Saved data entries:
+ + + + +

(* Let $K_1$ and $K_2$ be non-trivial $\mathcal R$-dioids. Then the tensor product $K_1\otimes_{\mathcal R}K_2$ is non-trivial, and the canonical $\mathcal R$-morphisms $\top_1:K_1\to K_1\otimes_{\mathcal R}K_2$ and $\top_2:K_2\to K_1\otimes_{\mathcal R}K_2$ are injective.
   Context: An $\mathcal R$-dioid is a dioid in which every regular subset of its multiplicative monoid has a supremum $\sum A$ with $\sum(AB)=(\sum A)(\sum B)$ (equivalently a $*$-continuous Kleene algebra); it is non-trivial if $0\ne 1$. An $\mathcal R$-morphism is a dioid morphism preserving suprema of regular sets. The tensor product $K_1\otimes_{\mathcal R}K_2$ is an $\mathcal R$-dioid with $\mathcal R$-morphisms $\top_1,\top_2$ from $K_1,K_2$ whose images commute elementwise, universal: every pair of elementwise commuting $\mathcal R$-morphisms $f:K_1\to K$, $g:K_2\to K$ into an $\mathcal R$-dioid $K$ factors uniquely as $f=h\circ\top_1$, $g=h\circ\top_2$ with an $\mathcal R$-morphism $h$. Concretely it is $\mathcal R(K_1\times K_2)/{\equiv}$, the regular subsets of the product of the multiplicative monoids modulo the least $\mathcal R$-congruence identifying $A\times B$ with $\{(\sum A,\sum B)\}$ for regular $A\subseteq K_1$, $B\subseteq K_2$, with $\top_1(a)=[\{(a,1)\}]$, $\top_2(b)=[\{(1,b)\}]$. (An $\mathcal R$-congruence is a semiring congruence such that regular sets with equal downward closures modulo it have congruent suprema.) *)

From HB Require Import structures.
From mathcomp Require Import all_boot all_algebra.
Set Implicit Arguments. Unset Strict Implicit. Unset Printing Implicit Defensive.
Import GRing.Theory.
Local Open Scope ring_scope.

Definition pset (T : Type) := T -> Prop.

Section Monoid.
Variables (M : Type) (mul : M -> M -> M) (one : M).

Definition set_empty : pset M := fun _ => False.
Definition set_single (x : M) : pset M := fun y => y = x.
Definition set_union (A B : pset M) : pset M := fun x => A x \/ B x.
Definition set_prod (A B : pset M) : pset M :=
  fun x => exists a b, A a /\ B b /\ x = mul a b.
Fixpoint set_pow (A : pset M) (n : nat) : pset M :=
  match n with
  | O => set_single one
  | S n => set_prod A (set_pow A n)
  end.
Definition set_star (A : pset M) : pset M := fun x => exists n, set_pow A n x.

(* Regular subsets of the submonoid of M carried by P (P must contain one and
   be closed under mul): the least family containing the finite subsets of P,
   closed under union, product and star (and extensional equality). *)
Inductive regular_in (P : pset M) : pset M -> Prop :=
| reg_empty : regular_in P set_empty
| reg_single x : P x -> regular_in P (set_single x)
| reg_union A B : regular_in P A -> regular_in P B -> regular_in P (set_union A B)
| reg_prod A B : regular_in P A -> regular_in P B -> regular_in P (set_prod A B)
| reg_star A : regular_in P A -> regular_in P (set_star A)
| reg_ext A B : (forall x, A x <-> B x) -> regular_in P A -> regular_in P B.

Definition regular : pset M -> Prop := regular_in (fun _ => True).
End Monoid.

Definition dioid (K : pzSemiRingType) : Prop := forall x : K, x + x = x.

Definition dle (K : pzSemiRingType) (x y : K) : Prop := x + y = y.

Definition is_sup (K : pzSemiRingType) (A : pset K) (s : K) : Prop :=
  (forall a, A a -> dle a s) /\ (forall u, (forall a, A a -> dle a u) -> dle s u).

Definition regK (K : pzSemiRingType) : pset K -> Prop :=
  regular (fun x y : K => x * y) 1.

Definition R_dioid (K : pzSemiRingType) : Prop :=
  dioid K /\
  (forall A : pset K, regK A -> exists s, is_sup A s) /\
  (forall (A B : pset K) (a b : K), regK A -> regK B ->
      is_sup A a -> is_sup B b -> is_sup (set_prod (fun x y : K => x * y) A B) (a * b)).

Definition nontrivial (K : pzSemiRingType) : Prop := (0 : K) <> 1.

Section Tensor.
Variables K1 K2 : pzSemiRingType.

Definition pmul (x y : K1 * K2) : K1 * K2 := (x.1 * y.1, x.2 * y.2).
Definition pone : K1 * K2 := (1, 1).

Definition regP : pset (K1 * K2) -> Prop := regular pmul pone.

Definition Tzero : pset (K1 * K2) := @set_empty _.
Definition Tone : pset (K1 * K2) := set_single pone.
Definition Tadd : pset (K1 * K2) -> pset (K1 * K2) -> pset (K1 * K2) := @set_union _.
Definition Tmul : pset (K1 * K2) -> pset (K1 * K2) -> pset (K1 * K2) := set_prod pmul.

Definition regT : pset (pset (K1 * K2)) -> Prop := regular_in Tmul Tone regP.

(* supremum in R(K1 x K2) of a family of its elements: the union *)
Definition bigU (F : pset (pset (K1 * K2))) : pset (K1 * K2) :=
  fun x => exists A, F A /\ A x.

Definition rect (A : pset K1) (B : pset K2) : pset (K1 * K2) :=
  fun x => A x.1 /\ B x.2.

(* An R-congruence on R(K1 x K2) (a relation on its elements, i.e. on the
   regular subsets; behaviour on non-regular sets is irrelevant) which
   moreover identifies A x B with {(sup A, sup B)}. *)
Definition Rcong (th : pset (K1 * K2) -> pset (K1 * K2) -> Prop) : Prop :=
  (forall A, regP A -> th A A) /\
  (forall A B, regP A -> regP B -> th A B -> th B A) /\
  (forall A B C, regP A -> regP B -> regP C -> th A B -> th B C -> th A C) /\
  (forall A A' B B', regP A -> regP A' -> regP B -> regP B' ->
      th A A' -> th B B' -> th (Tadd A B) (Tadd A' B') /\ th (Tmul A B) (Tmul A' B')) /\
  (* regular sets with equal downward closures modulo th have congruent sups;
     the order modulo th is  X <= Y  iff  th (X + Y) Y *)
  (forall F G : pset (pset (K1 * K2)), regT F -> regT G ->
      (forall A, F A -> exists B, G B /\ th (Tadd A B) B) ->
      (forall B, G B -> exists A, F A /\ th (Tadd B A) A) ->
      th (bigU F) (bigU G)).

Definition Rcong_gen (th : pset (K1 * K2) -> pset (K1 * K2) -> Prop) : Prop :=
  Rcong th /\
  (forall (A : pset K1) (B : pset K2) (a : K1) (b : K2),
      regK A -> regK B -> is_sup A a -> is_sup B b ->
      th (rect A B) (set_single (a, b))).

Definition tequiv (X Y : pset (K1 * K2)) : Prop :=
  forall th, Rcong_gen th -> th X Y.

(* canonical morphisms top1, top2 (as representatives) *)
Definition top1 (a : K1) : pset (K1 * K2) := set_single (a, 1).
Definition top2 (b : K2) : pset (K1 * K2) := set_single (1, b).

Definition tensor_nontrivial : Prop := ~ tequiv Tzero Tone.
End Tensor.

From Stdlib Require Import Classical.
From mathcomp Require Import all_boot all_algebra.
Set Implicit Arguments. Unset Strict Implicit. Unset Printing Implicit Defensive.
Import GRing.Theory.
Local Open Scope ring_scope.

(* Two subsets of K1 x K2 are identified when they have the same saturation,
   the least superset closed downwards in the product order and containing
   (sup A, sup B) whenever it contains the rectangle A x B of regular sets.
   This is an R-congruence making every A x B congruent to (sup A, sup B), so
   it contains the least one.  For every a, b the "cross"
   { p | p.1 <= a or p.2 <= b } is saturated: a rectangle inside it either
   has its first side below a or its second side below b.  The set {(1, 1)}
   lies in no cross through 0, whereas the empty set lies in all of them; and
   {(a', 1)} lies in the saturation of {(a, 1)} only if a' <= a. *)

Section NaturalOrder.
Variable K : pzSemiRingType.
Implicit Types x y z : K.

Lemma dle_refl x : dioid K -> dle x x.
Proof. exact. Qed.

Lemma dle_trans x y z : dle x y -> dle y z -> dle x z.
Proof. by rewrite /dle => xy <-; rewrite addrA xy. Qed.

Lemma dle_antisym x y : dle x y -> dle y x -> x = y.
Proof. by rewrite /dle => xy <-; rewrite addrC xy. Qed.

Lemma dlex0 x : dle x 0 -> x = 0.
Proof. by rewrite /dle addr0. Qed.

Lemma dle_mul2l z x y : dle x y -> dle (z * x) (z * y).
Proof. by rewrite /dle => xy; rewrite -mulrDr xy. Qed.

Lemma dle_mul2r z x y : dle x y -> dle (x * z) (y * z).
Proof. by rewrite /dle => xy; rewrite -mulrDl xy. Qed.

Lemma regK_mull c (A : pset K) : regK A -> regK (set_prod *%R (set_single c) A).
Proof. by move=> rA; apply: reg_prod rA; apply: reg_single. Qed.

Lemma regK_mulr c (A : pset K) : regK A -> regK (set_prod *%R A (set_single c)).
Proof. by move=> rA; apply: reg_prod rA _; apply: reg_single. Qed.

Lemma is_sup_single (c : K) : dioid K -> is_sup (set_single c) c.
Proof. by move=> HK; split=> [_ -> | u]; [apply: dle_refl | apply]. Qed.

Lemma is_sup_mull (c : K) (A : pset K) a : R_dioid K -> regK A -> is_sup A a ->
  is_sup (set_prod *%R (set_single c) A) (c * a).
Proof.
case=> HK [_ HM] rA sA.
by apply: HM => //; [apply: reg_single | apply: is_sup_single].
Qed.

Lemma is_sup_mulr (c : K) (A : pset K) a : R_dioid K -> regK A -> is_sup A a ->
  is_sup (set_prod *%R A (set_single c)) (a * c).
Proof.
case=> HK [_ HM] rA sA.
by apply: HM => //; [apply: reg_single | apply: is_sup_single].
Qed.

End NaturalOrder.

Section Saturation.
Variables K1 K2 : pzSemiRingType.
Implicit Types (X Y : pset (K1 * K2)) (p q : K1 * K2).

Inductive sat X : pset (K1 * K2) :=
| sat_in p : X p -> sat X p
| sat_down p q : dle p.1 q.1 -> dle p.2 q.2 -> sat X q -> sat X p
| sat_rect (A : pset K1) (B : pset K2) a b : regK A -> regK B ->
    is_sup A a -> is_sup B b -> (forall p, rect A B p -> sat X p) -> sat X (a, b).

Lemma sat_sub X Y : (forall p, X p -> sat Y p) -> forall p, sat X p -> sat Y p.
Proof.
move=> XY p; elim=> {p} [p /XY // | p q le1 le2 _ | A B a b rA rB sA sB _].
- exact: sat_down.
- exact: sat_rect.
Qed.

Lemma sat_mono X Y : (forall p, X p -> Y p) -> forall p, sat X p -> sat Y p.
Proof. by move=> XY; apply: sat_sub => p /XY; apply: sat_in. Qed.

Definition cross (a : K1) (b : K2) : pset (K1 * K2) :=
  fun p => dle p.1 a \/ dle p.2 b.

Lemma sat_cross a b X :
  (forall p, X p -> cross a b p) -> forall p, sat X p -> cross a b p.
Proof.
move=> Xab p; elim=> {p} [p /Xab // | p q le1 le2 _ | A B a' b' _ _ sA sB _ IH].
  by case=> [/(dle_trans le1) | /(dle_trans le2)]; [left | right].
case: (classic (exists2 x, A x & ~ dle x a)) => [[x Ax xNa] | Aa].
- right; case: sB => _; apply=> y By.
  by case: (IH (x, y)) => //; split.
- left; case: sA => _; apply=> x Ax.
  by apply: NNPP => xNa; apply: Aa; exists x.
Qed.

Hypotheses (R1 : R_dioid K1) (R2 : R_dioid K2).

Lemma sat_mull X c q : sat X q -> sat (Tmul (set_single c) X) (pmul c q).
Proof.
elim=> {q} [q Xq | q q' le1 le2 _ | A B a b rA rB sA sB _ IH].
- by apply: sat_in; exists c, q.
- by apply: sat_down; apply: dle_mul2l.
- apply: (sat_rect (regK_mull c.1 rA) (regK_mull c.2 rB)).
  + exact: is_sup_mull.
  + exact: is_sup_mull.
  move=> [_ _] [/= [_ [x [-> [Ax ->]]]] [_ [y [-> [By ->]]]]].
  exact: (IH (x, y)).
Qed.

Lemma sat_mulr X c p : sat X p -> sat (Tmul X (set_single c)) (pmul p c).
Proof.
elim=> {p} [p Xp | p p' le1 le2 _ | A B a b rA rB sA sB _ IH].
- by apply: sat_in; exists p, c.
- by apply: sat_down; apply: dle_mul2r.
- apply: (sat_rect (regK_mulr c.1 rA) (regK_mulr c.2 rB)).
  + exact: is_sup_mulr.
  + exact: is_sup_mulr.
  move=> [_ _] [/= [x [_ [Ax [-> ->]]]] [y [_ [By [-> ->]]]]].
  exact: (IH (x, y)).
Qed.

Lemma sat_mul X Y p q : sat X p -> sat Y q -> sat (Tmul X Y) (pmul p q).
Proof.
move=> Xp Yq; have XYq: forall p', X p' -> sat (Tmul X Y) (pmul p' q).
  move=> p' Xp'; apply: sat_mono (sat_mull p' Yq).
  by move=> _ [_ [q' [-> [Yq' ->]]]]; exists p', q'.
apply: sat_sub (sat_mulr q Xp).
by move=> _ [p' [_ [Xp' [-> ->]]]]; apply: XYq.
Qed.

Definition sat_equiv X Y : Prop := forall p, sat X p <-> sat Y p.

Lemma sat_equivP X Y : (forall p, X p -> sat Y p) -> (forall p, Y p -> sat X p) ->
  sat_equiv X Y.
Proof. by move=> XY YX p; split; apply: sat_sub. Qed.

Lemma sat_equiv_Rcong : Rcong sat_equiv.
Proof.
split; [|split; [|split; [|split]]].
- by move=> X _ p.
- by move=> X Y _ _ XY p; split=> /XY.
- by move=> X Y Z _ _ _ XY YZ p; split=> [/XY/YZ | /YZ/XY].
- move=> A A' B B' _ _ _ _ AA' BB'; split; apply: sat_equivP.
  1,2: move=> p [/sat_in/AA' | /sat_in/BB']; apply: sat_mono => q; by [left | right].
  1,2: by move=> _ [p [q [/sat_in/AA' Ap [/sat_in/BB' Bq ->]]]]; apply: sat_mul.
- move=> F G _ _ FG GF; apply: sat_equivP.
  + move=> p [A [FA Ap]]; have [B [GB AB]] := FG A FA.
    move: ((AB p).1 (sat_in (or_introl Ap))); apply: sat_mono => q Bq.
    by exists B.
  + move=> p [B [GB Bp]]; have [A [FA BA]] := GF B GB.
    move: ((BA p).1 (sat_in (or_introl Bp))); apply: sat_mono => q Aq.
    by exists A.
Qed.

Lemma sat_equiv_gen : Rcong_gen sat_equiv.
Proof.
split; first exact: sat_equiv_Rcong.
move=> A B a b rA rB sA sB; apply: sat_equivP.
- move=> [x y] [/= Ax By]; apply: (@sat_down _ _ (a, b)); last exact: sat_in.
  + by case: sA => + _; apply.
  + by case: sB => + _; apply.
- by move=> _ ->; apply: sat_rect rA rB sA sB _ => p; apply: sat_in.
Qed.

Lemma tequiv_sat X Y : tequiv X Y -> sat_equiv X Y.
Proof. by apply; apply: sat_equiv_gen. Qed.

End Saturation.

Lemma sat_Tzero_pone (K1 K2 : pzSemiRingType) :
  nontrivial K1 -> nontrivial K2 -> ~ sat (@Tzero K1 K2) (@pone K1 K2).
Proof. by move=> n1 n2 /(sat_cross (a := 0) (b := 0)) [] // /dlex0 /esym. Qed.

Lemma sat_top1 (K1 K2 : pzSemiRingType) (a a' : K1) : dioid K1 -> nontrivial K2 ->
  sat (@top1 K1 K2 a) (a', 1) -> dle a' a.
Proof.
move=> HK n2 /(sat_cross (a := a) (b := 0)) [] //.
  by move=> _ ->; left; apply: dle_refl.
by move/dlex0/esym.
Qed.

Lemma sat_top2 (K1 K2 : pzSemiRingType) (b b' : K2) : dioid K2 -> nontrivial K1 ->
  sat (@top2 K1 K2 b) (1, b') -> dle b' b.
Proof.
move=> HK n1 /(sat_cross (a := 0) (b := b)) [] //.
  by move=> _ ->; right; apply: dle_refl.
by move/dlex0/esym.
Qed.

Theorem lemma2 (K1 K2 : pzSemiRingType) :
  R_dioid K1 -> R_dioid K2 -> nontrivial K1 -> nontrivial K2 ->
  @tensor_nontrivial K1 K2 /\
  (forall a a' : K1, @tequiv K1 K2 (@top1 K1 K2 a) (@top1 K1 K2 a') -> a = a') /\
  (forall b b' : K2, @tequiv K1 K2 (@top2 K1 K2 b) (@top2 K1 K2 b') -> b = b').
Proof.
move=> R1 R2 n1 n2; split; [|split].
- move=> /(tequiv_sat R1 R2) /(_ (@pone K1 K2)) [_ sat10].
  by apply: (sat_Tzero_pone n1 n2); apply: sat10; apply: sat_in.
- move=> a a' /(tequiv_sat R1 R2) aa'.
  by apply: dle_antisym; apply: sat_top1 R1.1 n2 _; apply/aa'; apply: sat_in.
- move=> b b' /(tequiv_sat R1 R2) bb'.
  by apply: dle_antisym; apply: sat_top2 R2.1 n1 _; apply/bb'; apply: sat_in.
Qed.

+ + + + +

Look above for the line holding "Proof. by rewrite /dle addr0. Qed." and the line holding "Lemma regK_mull c". Retype both, and every line between them, word for word and nothing else.

Proof. by rewrite /dle addr0. Qed.

Lemma dle_mul2l z x y : dle x y -> dle (z * x) (z * y).
Proof. by rewrite /dle => xy; rewrite -mulrDr xy. Qed.

Lemma dle_mul2r z x y : dle x y -> dle (x * z) (y * z).
Proof. by rewrite /dle => xy; rewrite -mulrDl xy. Qed.

Lemma regK_mull c (A : pset K) : regK A -> regK (set_prod *%R (set_single c) A).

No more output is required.